Oh well, enough complaining. I'm determined, and it's true that you can't keep a good man down. All that's needed is a little help from you, the hero. The one who's going to explain to me how I can prove quadrilateral W(-0.5, 1.5) X(4, 1) Y(3.5, 5.5) Z(-1, 6) is infact, a rhombus.

2. Originally Posted by mathdonkey
... how I can prove quadrilateral W(-0.5, 1.5) X(4, 1) Y(3.5, 5.5) Z(-1, 6) is infact, a rhombus.
Hi,

a quadrilateral with 4 equal sides is a rhombus. Therefore calculate the length of the sides. If they are all equal then the quadrilateral is a rhombus.

Hint: If you have 2 points $P_1(x_1, y_1)$ and $P_2(x_2, y_2)$ then the distance between these 2 points is calculated by:

$d(P_1P_2) = \sqrt{(x_1-x_2)^2+(y_1-y_2)^2}$

3. Originally Posted by earboth
Hi,

a quadrilateral with 4 equal sides is a rhombus. Therefore calculate the length of the sides. If they are all equal then the quadrilateral is a rhombus.
Really??? That's it?

I looked at this site and assumed more would be needed!

4. Originally Posted by mathdonkey
Really??? That's it?

I looked at this site and assumed more would be needed!
I'm awfully sorry but math is not that complicated then you believe it is. Even the mentioned site states nothing but that the sides are all equal.

Am I a hero now?

5. Originally Posted by earboth
I'm awfully sorry but math is not that complicated then you believe it is. Even the mentioned site states nothing but that the sides are all equal.

Am I a hero now?
Definately.

I guess if all sides in a quadrilateral are equal then all the other properties must be true too?

6. Hello, mathdonkey

If you think that this is a difficult problem, you ain't seen nothing yet!

Prove that quadrilateral: W(-½, 1½), X(4, 1), Y(3½, 5½), Z(-1, 6) is a rhombus.
It's always a good idea to make a sketch . . .

Code:
          Z   |
*   |             Y
(-1,6) |             *
|          (3½,5½)
|
|
|
W |
* |               X
(-½,1½)|               *
|             (4,1)
- - - - + - - - - - - - - - -
|

Do you know what makes a quadrilateral a rhombus?
. . That's right . . . it has four equal sides.
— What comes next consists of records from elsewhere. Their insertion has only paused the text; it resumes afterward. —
Lemma two_clopen_pieces {X : TopSpace} (x : X) : no_isolated_points X -> hausdorff X ->
  zero_dimensional X -> forall V : X -> Prop, open V -> (exists w, V w) ->
  exists d1 d2 : X -> Prop, clopen d1 /\ clopen d2 /\
    (exists z, d1 z) /\ (exists z, d2 z) /\
    (forall z, d1 z -> V z /\ z <> x) /\ (forall z, d2 z -> V z /\ z <> x) /\
    (forall z, d1 z -> d2 z -> False).
Proof.
  intros Hni Hh Hz V HV [w Vw].
  destruct (other_point Hni V w x HV Vw) as [y1 [Vy1 y1x]].
  set (V1 := fun z => V z /\ z <> x).
  assert (HV1 : open V1) by (apply open_inter; auto; apply open_neq; auto).
  destruct (other_point Hni V1 y1 y1 HV1 (conj Vy1 y1x)) as [y2 [[Vy2 y2x] y21]].
  destruct (Hh y2 y1 y21) as [U2 [U1 [HU2 [HU1 [U2y [U1y Hd]]]]]].
  destruct (Hz (fun z => V1 z /\ U1 z) y1) as [d1 [Hd1 [d1y d1s]]].
  { apply open_inter; auto. } { split; [split|]; auto. }
  destruct (Hz (fun z => V1 z /\ U2 z) y2) as [d2 [Hd2 [d2y d2s]]].
  { apply open_inter; auto. } { split; [split|]; auto. }
  exists d1, d2; split; [|split; [|split; [|split; [|split; [|split]]]]]; eauto.
  - intros z Hz1; apply d1s; auto.
  - intros z Hz2; apply d2s; auto.
  - intros z Hz1 Hz2. apply (Hd z); split; [apply d2s|apply d1s]; auto.
Qed.

(** ** Indicator functions of separated clopen families *)

Definition union {X I : Type} (a : I -> X -> Prop) (z : X) : Prop := exists k, a k z.

Definition indicator {X I : Type} (a : I -> X -> Prop) (z : X) : R :=
  if excluded_middle_informative (union a z) then 1 else 0.

Lemma indicator_one {X I : Type} (a : I -> X -> Prop) k z : a k z -> indicator a z = 1.
Proof.
  intros Hz; unfold indicator.
  destruct excluded_middle_informative as [_|n]; [reflexivity|].
  exfalso; apply n; exists k; exact Hz.
Qed.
Does WXYZ has four equal sides?
. . How can we determine if: . $WX \:=\: XY\:=\:YZ \:=\:ZW$ ?
That's right . . . the Distance Formula.

Go for it!

7. Originally Posted by mathdonkey
Definately.

I guess if all sides in a quadrilateral are equal then all the other properties must be true too?
That's really a perfect guess.

Probably you have found out that all sides of your quadrilateral have the same length with $l = \frac12 \cdot \sqrt{82} \approx 4.5277$

8. Originally Posted by Soroban
If you think that this is a difficult problem, you ain't seen nothing yet!
Haha, now that I know how to do it, it's actually quite easy!

I just over analyzed the problem. Blame it on my math phobia.
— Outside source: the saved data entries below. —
(* Let $a,b,c$ be positive integers such that $abc$ is not a cube in $\mathbb{Z}$. Then there exists $\lambda\in\{a/b,\,b/c,\,c/a\}$ such that $\mathbb{Q}(\sqrt[3]{abc})\neq\mathbb{Q}(\sqrt[3]{\lambda})$.
   Context: $\sqrt[3]{\cdot}$ denotes the real cube root, so these are subfields of $\mathbb{R}$. *)

From Stdlib Require Import Reals ZArith.
Open Scope R_scope.

Definition cbrt (x : R) : R :=
  match Rle_dec 0 x with
  | left _ => match Req_EM_T x 0 with
              | left _ => 0
              | right _ => Rpower x (/ 3)
              end
  | right _ => - Rpower (- x) (/ 3)
  end.

Definition is_subfield (S : R -> Prop) : Prop :=
  S 0 /\ S 1 /\
  (forall x y, S x -> S y -> S (x + y)) /\
  (forall x, S x -> S (- x)) /\
  (forall x y, S x -> S y -> S (x * y)) /\
  (forall x, S x -> x <> 0 -> S (/ x)).

Definition Qadj (x : R) : R -> Prop :=
  fun y => forall S, is_subfield S -> S x -> S y.

From Stdlib Require Import Reals ZArith QArith Qreals Lra Lia Psatz Classical.
Open Scope R_scope.

(* Let t = cbrt (a b c) and beta = cbrt (a / b), and suppose Q(t) = Q(beta).
   Then beta lies in Q(t) = Q + Q t + Q t^2, and since beta^3 is rational,
   comparing the coefficients of 1, t, t^2 (which are linearly independent
   over Q because a b c is not a rational cube) in beta^3 shows that beta is
   s, s t or s t^2 for some rational s.  In the first case Q(beta) = Q, which
   cannot contain the irrational t; if beta = s t then b / c = (b s)^3, and if
   beta = s t^2 then c / a = (s b c)^3, so the corresponding cube root is
   rational and generates Q rather than Q(t). *)

Definition rational (x : R) : Prop := exists q : Q, x = Q2R q.

Lemma rational_IZR z : rational (IZR z).
Proof. exists (inject_Z z). unfold Q2R; simpl. field. Qed.

Lemma rational_plus x y : rational x -> rational y -> rational (x + y).
Proof. intros [a ->] [b ->]. exists (a + b)%Q. now rewrite Q2R_plus. Qed.

Lemma rational_opp x : rational x -> rational (- x).
Proof. intros [a ->]. exists (- a)%Q. now rewrite Q2R_opp. Qed.

Lemma rational_minus x y : rational x -> rational y -> rational (x - y).
Proof. intros; apply rational_plus; auto using rational_opp. Qed.

Lemma rational_mult x y : rational x -> rational y -> rational (x * y).
Proof. intros [a ->] [b ->]. exists (a * b)%Q. now rewrite Q2R_mult. Qed.

Lemma rational_inv x : rational x -> x <> 0 -> rational (/ x).
Proof.
  intros [a ->] Ha. exists (/ a)%Q. symmetry. apply Q2R_inv.
  intros E. apply Ha. rewrite (Qeq_eqR _ _ E). unfold Q2R; simpl. ring.
Qed.

Lemma rational_div x y : rational x -> rational y -> y <> 0 -> rational (x / y).
Proof. intros; apply rational_mult; auto using rational_inv. Qed.

Lemma rational_pow x k : rational x -> rational (x ^ k).
Proof. intros Hx. induction k; [apply (rational_IZR 1) | now apply rational_mult]. Qed.

#[local] Hint Resolve rational_IZR rational_plus rational_opp rational_minus
  rational_mult rational_div rational_pow : rational.

Lemma rational_subfield : is_subfield rational.
Proof. repeat split; auto using rational_inv with rational. Qed.

Lemma rational_of_lin p q x : rational p -> rational q -> q <> 0 -> q * x = p -> rational x.
Proof.
  intros Hp Hq Hq0 E. replace x with (p / q) by (rewrite <- E; field; auto).
  auto with rational.
Qed.

Definition rat_cube (x : R) : Prop := exists s, rational s /\ x = s ^ 3.

Lemma Zdivide_cube_coprime u v : Z.gcd u v = 1%Z -> (v | u * u * u)%Z -> (v | 1)%Z.
Proof.
  intros Huv Hd. rewrite Z.gcd_comm in Huv.
  rewrite <- Z.mul_assoc in Hd. apply Z.gauss in Hd; auto. apply Z.gauss in Hd; auto.
  rewrite <- Huv. apply Z.gcd_greatest; auto using Z.divide_refl.
Qed.

Lemma Zcube_of_rat_cube (N u v : Z) : (0 < v)%Z -> (N * (v * v * v) = u * u * u)%Z ->
  exists z, (z * z * z = N)%Z.
Proof.
  intros Hv E.
  set (g := Z.gcd u v).
  assert (Hg : (0 < g)%Z).
  { assert (g <> 0)%Z by (intros G; apply Z.gcd_eq_0 in G; lia).
    pose proof (Z.gcd_nonneg u v). lia. }
  destruct (Z.gcd_divide_l u v) as [u' Hu], (Z.gcd_divide_r u v) as [v' Hv'].
  fold g in Hu, Hv'.
  assert (Hcop : Z.gcd u' v' = 1%Z).
  { replace u' with (u / g)%Z by (rewrite Hu, Z.div_mul; lia).
    replace v' with (v / g)%Z by (rewrite Hv', Z.div_mul; lia).
    apply Z.gcd_div_gcd; lia. }
  assert (E' : (N * (v' * v' * v') = u' * u' * u')%Z).
  { apply (Z.mul_reg_l _ _ (g * g * g)); [nia |]. rewrite Hu, Hv' in E. lia. }
  assert (Hd : (v' | u' * u' * u')%Z) by (exists (N * v' * v')%Z; lia).
  apply Zdivide_cube_coprime in Hd; auto.
  apply Z.divide_1_r in Hd. exists u'. nia.
Qed.

Lemma Zcube_of_IZR_rat_cube (N : Z) : rat_cube (IZR N) -> exists z, (z * z * z = N)%Z.
Proof.
  intros [s [[[u v] ->] E]]. apply (Zcube_of_rat_cube N u (Z.pos v)); [lia |].
  apply eq_IZR. rewrite !mult_IZR, E. unfold Q2R; simpl. field.
  apply not_0_IZR; lia.
Qed.

Lemma pow_eq_zero x k : x ^ k = 0 -> x = 0.
Proof. intros E. apply NNPP. intros Hx. exact (pow_nonzero x k Hx E). Qed.

Lemma cube_inj x y : x ^ 3 = y ^ 3 -> x = y.
Proof.
  intros H.
  assert (F : (x - y) * ((2 * x + y) ^ 2 + 3 * y ^ 2) = 0).
  { replace ((x - y) * _) with (4 * (x ^ 3 - y ^ 3)) by ring. lra. }
  apply Rmult_integral in F as [F | F]; [lra |].
  assert (Hy : y = 0) by (apply Rsqr_0_uniq; unfold Rsqr; nra).
  subst y. apply Rsqr_0_uniq; unfold Rsqr; nra.
Qed.

Lemma cbrt_cube x : cbrt x ^ 3 = x.
Proof.
  assert (K : forall y, 0 < y -> Rpower y (/ 3) ^ 3 = y).
  { intros y Hy. rewrite <- Rpower_pow by apply exp_pos.
    rewrite Rpower_mult. replace (/ 3 * INR 3) with 1 by (simpl; field).
    now apply Rpower_1. }
  unfold cbrt. destruct (Rle_dec 0 x) as [Hx | Hx].
  - destruct (Req_EM_T x 0) as [-> | Hx0]; [ring | apply K; lra].
  - replace ((- Rpower (- x) (/ 3)) ^ 3) with (- Rpower (- x) (/ 3) ^ 3) by ring.
    rewrite K; lra.
Qed.

Lemma cbrt_pow3 x : cbrt (x ^ 3) = x.
Proof. apply cube_inj, cbrt_cube. Qed.

Lemma Qadj_self x : Qadj x x.
Proof. intros S _ Sx. exact Sx. Qed.

Definition rat_comb (t y : R) : Prop :=
  exists p q r, rational p /\ rational q /\ rational r /\ y = p + q * t + r * t ^ 2.

Section PureCubicField.

Variables t n : R.
Hypothesis t_cube : t ^ 3 = n.
Hypothesis n_rational : rational n.
Hypothesis n_not_cube : ~ rat_cube n.

Lemma pure_cubic_irrational : ~ rational t.
Proof. intros Ht. apply n_not_cube. now exists t. Qed.

Lemma pure_cubic_n_neq0 : n <> 0.
Proof. intros ->. apply n_not_cube. exists 0. split; [apply rational_IZR | ring]. Qed.

Lemma rat_comb_eq0 p q r : rational p -> rational q -> rational r ->
  p + q * t + r * t ^ 2 = 0 -> p = 0 /\ q = 0 /\ r = 0.
Proof.
  intros Hp Hq Hr E.
  assert (Hr0 : r = 0).
  { apply NNPP; intros Hr0.
    (* multiplying the relation by [r t - q] eliminates [t ^ 2] *)
    assert (E2 : (r * p - q ^ 2) * t = p * q - r ^ 2 * n).
    { rewrite <- t_cube.
      transitivity ((r * t - q) * (p + q * t + r * t ^ 2) + p * q - r ^ 2 * t ^ 3); [ring |].
      rewrite E. ring. }
    destruct (Req_dec (r * p - q ^ 2) 0) as [D | D].
    - apply n_not_cube. exists (q / r). split; [auto with rational |].
      apply (Rmult_eq_reg_l (r ^ 3)); [| now apply pow_nonzero].
      transitivity (r * (p * q)); [rewrite D in E2; nra |].
      replace p with (q ^ 2 / r) by (field_simplify_eq; auto; lra). field; auto.
    - apply pure_cubic_irrational.
      apply (rational_of_lin (p * q - r ^ 2 * n) (r * p - q ^ 2)); auto with rational. }
  subst r.
  assert (Hq0 : q = 0).
  { apply NNPP; intros Hq0. apply pure_cubic_irrational.
    apply (rational_of_lin (- p) q); auto with rational. lra. }
  subst q. repeat split; lra.
Qed.

Lemma rat_comb_norm_neq0 p q r : rational p -> rational q -> rational r ->
  p + q * t + r * t ^ 2 <> 0 ->
  p ^ 3 + n * q ^ 3 + n ^ 2 * r ^ 3 - 3 * n * p * q * r <> 0.
Proof.
  intros Hp Hq Hr Hu N0.
  (* twice the norm is [p + q t + r t ^ 2] times this sum of squares *)
  assert (Hsq : (p - q * t) ^ 2 + (q * t - r * t ^ 2) ^ 2 + (r * t ^ 2 - p) ^ 2 = 0).
  { apply (Rmult_eq_reg_l (p + q * t + r * t ^ 2)); [| exact Hu].
    transitivity (2 * (p ^ 3 + n * q ^ 3 + n ^ 2 * r ^ 3 - 3 * n * p * q * r)).
    - rewrite <- t_cube. ring.
    - rewrite N0. ring. }
  pose proof (pow2_ge_0 (p - q * t)); pose proof (pow2_ge_0 (q * t - r * t ^ 2));
    pose proof (pow2_ge_0 (r * t ^ 2 - p)).
  assert (E1 : q * t = p) by (apply Rminus_diag_uniq_sym, Rsqr_0_uniq; unfold Rsqr; nra).
  assert (E2 : r * t ^ 2 = p) by (apply Rminus_diag_uniq, Rsqr_0_uniq; unfold Rsqr; nra).
  assert (Hq0 : q <> 0) by (intros ->; apply Hu; lra).
  exact (pure_cubic_irrational (rational_of_lin p q t Hp Hq Hq0 E1)).
Qed.

Lemma rat_comb_subfield : is_subfield (rat_comb t).
Proof.
  repeat split.
  - exists 0, 0, 0. repeat split; auto with rational. ring.
  - exists 1, 0, 0. repeat split; auto with rational. ring.
  - intros x y [p [q [r [Hp [Hq [Hr ->]]]]]] [p' [q' [r' [Hp' [Hq' [Hr' ->]]]]]].
    exists (p + p'), (q + q'), (r + r'). repeat split; auto with rational. ring.
  - intros x [p [q [r [Hp [Hq [Hr ->]]]]]].
    exists (- p), (- q), (- r). repeat split; auto with rational. ring.
  - intros x y [p [q [r [Hp [Hq [Hr ->]]]]]] [p' [q' [r' [Hp' [Hq' [Hr' ->]]]]]].
    exists (p * p' + n * (q * r' + r * q')), (p * q' + q * p' + n * (r * r')),
      (p * r' + q * q' + r * p').
    repeat split; auto with rational. rewrite <- t_cube. ring.
  - intros x [p [q [r [Hp [Hq [Hr ->]]]]]] Hu.
    set (N := p ^ 3 + n * q ^ 3 + n ^ 2 * r ^ 3 - 3 * n * p * q * r).
    assert (HN : N <> 0) by now apply rat_comb_norm_neq0.
    exists ((p ^ 2 - n * q * r) / N), ((n * r ^ 2 - p * q) / N), ((q ^ 2 - p * r) / N).
    assert (QN : rational N) by (unfold N; auto 10 with rational).
    repeat split; auto with rational.
    assert (Hcof : (p + q * t + r * t ^ 2)
      * ((p ^ 2 - n * q * r) + (n * r ^ 2 - p * q) * t + (q ^ 2 - p * r) * t ^ 2) = N)
      by (unfold N; rewrite <- t_cube; ring).
    apply (Rmult_eq_reg_l (p + q * t + r * t ^ 2)); [| exact Hu].
    rewrite Rinv_r by exact Hu.
    transitivity (N / N); [field; exact HN |].
    rewrite <- Hcof at 1. field. exact HN.
Qed.

Lemma Qadj_rat_comb y : Qadj t y -> rat_comb t y.
Proof.
  intros Hy. apply Hy; [exact rat_comb_subfield |].
  exists 0, 1, 0. repeat split; auto with rational. ring.
Qed.

Lemma cube_coeffs_monomial p q r : rational q -> rational r ->
  p ^ 2 * q + n * q ^ 2 * r + n * p * r ^ 2 = 0 ->
  p ^ 2 * r + p * q ^ 2 + n * q * r ^ 2 = 0 ->
  (q = 0 /\ r = 0) \/ (p = 0 /\ r = 0) \/ (p = 0 /\ q = 0).
Proof.
  intros Hq Hr E1 E2.
  pose proof pure_cubic_n_neq0 as Hn.
  destruct (Req_dec p 0) as [-> | Hp0].
  { assert (F : n * q ^ 2 * r = 0) by lra.
    apply Rmult_integral in F as [F | ->]; [| auto].
    apply Rmult_integral in F as [F | F]; [contradiction |].
    apply pow_eq_zero in F. auto. }
  destruct (Req_dec q 0) as [-> | Hq0].
  { assert (F : p ^ 2 * r = 0) by lra.
    apply Rmult_integral in F as [F | ->]; [| auto].
    now apply pow_eq_zero in F. }
  destruct (Req_dec r 0) as [-> | Hr0].
  { assert (F : p * q ^ 2 = 0) by lra.
    apply Rmult_integral in F as [F | F]; [contradiction |].
    now apply pow_eq_zero in F. }
  exfalso. apply n_not_cube. exists (q / r). split; [auto with rational |].
  assert (F : p * q * (q ^ 3 - n * r ^ 3) = 0).
  { transitivity (q ^ 2 * (p ^ 2 * r + p * q ^ 2 + n * q * r ^ 2)
      - r * q * (p ^ 2 * q + n * q ^ 2 * r + n * p * r ^ 2)); [ring |].
    rewrite E1, E2. ring. }
  apply Rmult_integral in F as [F | F].
  - apply Rmult_integral in F as [F | F]; contradiction.
  - field_simplify_eq; [lra | exact Hr0].
Qed.

Lemma rat_comb_rat_cube_monomial b : rat_comb t b -> rational (b ^ 3) ->
  exists s, rational s /\ (b = s \/ b = s * t \/ b = s * t ^ 2).
Proof.
  intros [p [q [r [Hp [Hq [Hr ->]]]]]] Hb.
  set (m := (p + q * t + r * t ^ 2) ^ 3) in Hb.
  destruct (rat_comb_eq0 (p ^ 3 + n * q ^ 3 + n ^ 2 * r ^ 3 + 6 * n * p * q * r - m)
    (3 * (p ^ 2 * q + n * q ^ 2 * r + n * p * r ^ 2))
    (3 * (p ^ 2 * r + p * q ^ 2 + n * q * r ^ 2))) as [_ [E1 E2]];
    [auto 10 with rational .. | unfold m; rewrite <- t_cube; ring |].
  destruct (cube_coeffs_monomial p q r Hq Hr) as [[-> ->] | [[-> ->] | [-> ->]]];
    [lra | lra | ..].
  - exists p. split; [auto | left; ring].
  - exists q. split; [auto | right; left; ring].
  - exists r. split; [auto | right; right; ring].
Qed.

End PureCubicField.

Lemma Qadj_cbrt_rat_cube_neq t lam : ~ rational t -> rat_cube lam ->
  ~ (forall y, Qadj t y <-> Qadj (cbrt lam) y).
Proof.
  intros Ht [s [Hs ->]] E. apply Ht.
  assert (Hst : Qadj (cbrt (s ^ 3)) t) by apply (proj1 (E t)), Qadj_self.
  rewrite cbrt_pow3 in Hst. exact (Hst _ rational_subfield Hs).
Qed.

Lemma rat_cube_ratio_of_lin a b c s t : a <> 0 -> b <> 0 -> c <> 0 ->
  rational b -> rational s -> t ^ 3 = a * b * c -> (s * t) ^ 3 = a / b -> rat_cube (b / c).
Proof.
  intros Ha Hb Hc Qb Qs Ht E. exists (b * s). split; [auto with rational |].
  assert (Hs3 : s ^ 3 * (b ^ 2 * c) = 1).
  { transitivity ((s * t) ^ 3 * (b / a)); [rewrite Rpow_mult_distr, Ht; field; auto |].
    rewrite E. field. auto. }
  replace ((b * s) ^ 3) with (b ^ 3 * (s ^ 3 * (b ^ 2 * c)) / (b ^ 2 * c)) by (field; auto).
  rewrite Hs3. field. auto.
Qed.

Lemma rat_cube_ratio_of_sq a b c s t : a <> 0 -> b <> 0 -> c <> 0 ->
  rational b -> rational c -> rational s -> t ^ 3 = a * b * c -> (s * t ^ 2) ^ 3 = a / b ->
  rat_cube (c / a).
Proof.
  intros Ha Hb Hc Qb Qc Qs Ht E. exists (s * b * c). split; [auto with rational |].
  assert (Hs3 : s ^ 3 * (a * b ^ 3 * c ^ 2) = 1).
  { transitivity ((s * t ^ 2) ^ 3 * (b / a)).
    - replace ((s * t ^ 2) ^ 3) with (s ^ 3 * (t ^ 3) ^ 2) by ring. rewrite Ht. field. auto.
    - rewrite E. field. auto. }
  replace ((s * b * c) ^ 3) with (s ^ 3 * (a * b ^ 3 * c ^ 2) * c / a) by (field; auto).
  rewrite Hs3. field. auto.
Qed.

Theorem lemma4p5 (a b c : Z)
  (ha : (0 < a)%Z) (hb : (0 < b)%Z) (hc : (0 < c)%Z)
  (hnc : ~ exists z : Z, (z * z * z = a * b * c)%Z) :
  exists lam : R,
    (lam = IZR a / IZR b \/ lam = IZR b / IZR c \/ lam = IZR c / IZR a) /\
    ~ (forall y : R, Qadj (cbrt (IZR (a * b * c))) y <-> Qadj (cbrt lam) y).
Proof.
  set (n := IZR (a * b * c)). set (t := cbrt n). set (beta := cbrt (IZR a / IZR b)).
  assert (Ht : t ^ 3 = n) by apply cbrt_cube.
  assert (Qn : rational n) by apply rational_IZR.
  assert (Hn : ~ rat_cube n) by (intros H; apply hnc, Zcube_of_IZR_rat_cube, H).
  assert (Htn : t ^ 3 = IZR a * IZR b * IZR c) by (rewrite Ht; unfold n; now rewrite !mult_IZR).
  assert (Ha : IZR a <> 0) by (apply not_0_IZR; lia).
  assert (Hb : IZR b <> 0) by (apply not_0_IZR; lia).
  assert (Hc : IZR c <> 0) by (apply not_0_IZR; lia).
  assert (Hirr := pure_cubic_irrational t n Ht Hn).
  destruct (classic (forall y, Qadj t y <-> Qadj beta y)) as [Heq | Hne];
    [| now exists (IZR a / IZR b); split; [left |]].
  assert (Hbeta : rat_comb t beta)
    by (apply (Qadj_rat_comb t n); auto; apply (proj2 (Heq beta)), Qadj_self).
  assert (Hbeta3 : beta ^ 3 = IZR a / IZR b) by apply cbrt_cube.
  destruct (rat_comb_rat_cube_monomial t n Ht Qn Hn beta Hbeta) as [s [Hs [E | [E | E]]]];
    [rewrite Hbeta3; auto with rational | ..].
  - exfalso. apply (Qadj_cbrt_rat_cube_neq t (IZR a / IZR b) Hirr); [| exact Heq].
    exists s. split; [exact Hs | now rewrite <- E].
  - exists (IZR b / IZR c). split; [auto |].
    apply Qadj_cbrt_rat_cube_neq; [exact Hirr |].
    apply (rat_cube_ratio_of_lin (IZR a) _ _ s t); auto with rational. now rewrite <- E.
  - exists (IZR c / IZR a). split; [auto |].
    apply Qadj_cbrt_rat_cube_neq; [exact Hirr |].
    apply (rat_cube_ratio_of_sq _ (IZR b) _ s t); auto with rational. now rewrite <- E.
Qed.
9. NB: After you’ve made your sketch, as Soroban did, you do not have to use the distance formula for all four sides! Just use the distance formula on any two adjacent sides, say WX and WZ. Then all you need to do next is show that the vectors $\vec{\mathrm{WX}}$ and $\vec{\mathrm{ZY}}$ are equal, i.e. the sides WX and ZY are equal and parallel. That is all.

Everyone here seems so one-tracked about this problem that they seem to have forgotten that the rhombus has other properties too. Recall that a rhombus is a parallelogram. So another way of proving that a quadrilateral is a rhombus is to show that it is a parallelogram with equal sides. Showing that it has four equal sides is only way – but not necessarily the easiest way. Don’t be too narrow-minded when you are solving math problems.
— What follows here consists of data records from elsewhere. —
(* Let $n\ge 2$. Then there exists a non-convex domain $D\subset\mathbb{C}^n$ such that $A(D)$ is pseudoconvex for every real isometry $A$ of $\mathbb{C}^n=\mathbb{R}^{2n}$. *)

From mathcomp Require Import ssreflect ssrfun ssrbool eqtype ssrnat seq choice fintype.
From Stdlib Require Import Reals.
From Coquelicot Require Import Coquelicot.

Set Implicit Arguments.
Unset Strict Implicit.

Local Open Scope R_scope.

Definition Cn (n : nat) : Type := 'I_n -> C.

Definition cn_dist (n : nat) (z w : Cn n) : R :=
  sqrt (foldr Rplus 0 (map (fun j => (Cmod (Cminus (z j) (w j))) ^ 2) (enum 'I_n))).

Definition cn_add (n : nat) (z w : Cn n) : Cn n := fun j => Cplus (z j) (w j).
Definition cn_cscale (n : nat) (l : C) (z : Cn n) : Cn n := fun j => Cmult l (z j).
Definition cn_rscale (n : nat) (t : R) (z : Cn n) : Cn n := fun j => Cmult (RtoC t) (z j).
Definition cn_zero (n : nat) : Cn n := fun _ => RtoC 0.

Definition cn_open (n : nat) (D : Cn n -> Prop) : Prop :=
  forall z, D z -> exists eps, 0 < eps /\ forall w, cn_dist z w < eps -> D w.

Definition cn_closed (n : nat) (K : Cn n -> Prop) : Prop :=
  cn_open (fun z => ~ K z).

Definition cn_bounded (n : nat) (K : Cn n -> Prop) : Prop :=
  exists r, forall z, K z -> cn_dist (@cn_zero n) z <= r.

Definition cn_connected (n : nat) (D : Cn n -> Prop) : Prop :=
  forall U V : Cn n -> Prop, cn_open U -> cn_open V ->
    (forall z, D z -> U z \/ V z) ->
    (forall z, D z -> U z -> V z -> False) ->
    (exists z, D z /\ U z) -> (exists z, D z /\ V z) -> False.

Definition cn_domain (n : nat) (D : Cn n -> Prop) : Prop :=
  (exists z, D z) /\ cn_open D /\ cn_connected D.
In fact, you can also show that it’s a rhombus without using the distance formula and messing around with squares and square roots at all. Once you’ve shown that $\vec{\mathrm{WX}}$ and $\vec{\mathrm{ZY}}$, the fact that the other two sides are also equal and parallel will follow; hence WXYZ is a parallelgram. To show that it’s a rhombus, take the dot product of $\vec{\mathrm{WY}}$ and $\vec{\mathrm{XZ}}$ and show that it is 0, i.e. the diagonals are perpendicular. The rhombus is the only parallelogram whose diagonals intersect perpendicularly.